Schutz bleibt: Diskriminierungsverbot und Vorkehrungen
Schwerbehinderte Menschen sind auch in der Wartezeit geschützt. Das Diskriminierungsverbot untersagt Nachteile wegen einer Behinderung. Arbeitgeber müssen angemessene Vorkehrungen treffen, soweit zumutbar. Dazu zählen praktikable Anpassungen des Arbeitsplatzes oder der Arbeitsorganisation.
Diese Pflichten gelten unabhängig vom KSchG. Sie verhindern keine Wartezeitkündigung per se.

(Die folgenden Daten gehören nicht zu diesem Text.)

(* Let $q\ge3$ be an integer and $f(x)=\log\left|\frac{\sin\pi qx}{\sin\pi x}\right|$. For all $t\in\left(\frac{3}{8q},\frac{5}{8q}\right)$ and all $0<s\le q^{-1}-t$, $$H(t,s):=A(s)+B(t,s)<0,$$ where $A(s)=\log\frac{\sin\pi s}{\sin\pi(q^{-1}+s)}$ and $B(t,s)=f(0)-f(t)-f'(t)\frac{q^{-1}-t-s}{q-1}$.
   Context: $f(0)=\log q$ (value of $f$ at $0$ by continuity). *)

From Stdlib Require Import Reals.
From Coquelicot Require Import Coquelicot.
Open Scope R_scope.

Definition fq (q : nat) (x : R) : R :=
  ln (Rabs (sin (PI * INR q * x) / sin (PI * x))).

(* f(0) := log q (value by continuity) *)
Definition fq0 (q : nat) : R := ln (INR q).

Definition Aq (q : nat) (s : R) : R :=
  ln (sin (PI * s) / sin (PI * (/ INR q + s))).

Definition Bq (q : nat) (t s : R) : R :=
  fq0 q - fq q t - Derive (fq q) t * ((/ INR q - t - s) / (INR q - 1)).

Definition Hq (q : nat) (t s : R) : R := Aq q s + Bq q t s.

From Stdlib Require Import Reals Lra Psatz Machin.
From Coquelicot Require Import Coquelicot.
Open Scope R_scope.

(* Put a = π/q, x = π t, σ = π s and δ = a - x - σ >= 0.  Then
   H = ln r + c δ + ln (q sin(a - x) sin x / (sin(2a - x) sin(q x)))
   with r = sin σ sin(2a - x) / (sin(a + σ) sin(a - x)) and c = -f'(t) / (π (q - 1)).
   The identity sin σ sin(2a - x) - sin(a + σ) sin(a - x) = - sin a sin δ and
   ln r <= r - 1 give ln r + c δ <= 0 as soon as c δ sin(a + σ) sin(a - x) <= sin a sin δ,
   which holds because c (a - x) <= 3 / (2 (q - 1)).  The last logarithm is negative
   since q sin(a - x) sin x < sin(2a - x) sin(q x).  Both inequalities follow from
   Taylor bounds for sin and cos, the worst case being q = 3. *)

Lemma PI_bounds : 3.1415 < PI < 3.1416.
Proof.
destruct (PI_2_3_7_ineq 2) as [lower upper].
unfold PI_2_3_7_tg, tg_alt, Ratan_seq in *; simpl in *; lra.
Qed.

Sie untersagen aber Kündigungen mit Behinderungsbezug.
Was bedeutet das für Betroffene?
Erhalten Sie in den ersten sechs Monaten eine Kündigung, können Sie sich nicht auf ein fehlendes Präventionsverfahren stützen. Prüfen Sie stattdessen, ob ein Bezug zur Behinderung vorliegt. Suchen Sie rasch fachkundige Beratung. Dokumentieren Sie Gesprächsverläufe und Anfragen zu Anpassungen.
Verweisen Sie auf die Pflicht zu angemessenen Vorkehrungen. Achten Sie auf Fristen für eine Kündigungsschutzklage. Diese beträgt drei Wochen ab Zugang der Kündigung. Fristversäumnisse sind regelmäßig endgültig.
Einordnung für die Praxis
Die Entscheidung zieht eine klare Linie: Vor sechs Monaten kein Präventionsverfahren. Danach volle Reichweite des § 167 SGB IX. Im Kleinbetrieb gilt die gleiche Logik, solange das KSchG nicht greift. Das Diskriminierungsrecht bildet den Schutzrahmen in jeder Phase.
Für Betroffene bedeutet das: Rechte prüfen, Fristen wahren, Bezüge zur Behinderung belegen. Für Arbeitgeber gilt: Transparente Prozesse, saubere Dokumentation, rechtzeitige Prävention nach der Schwelle.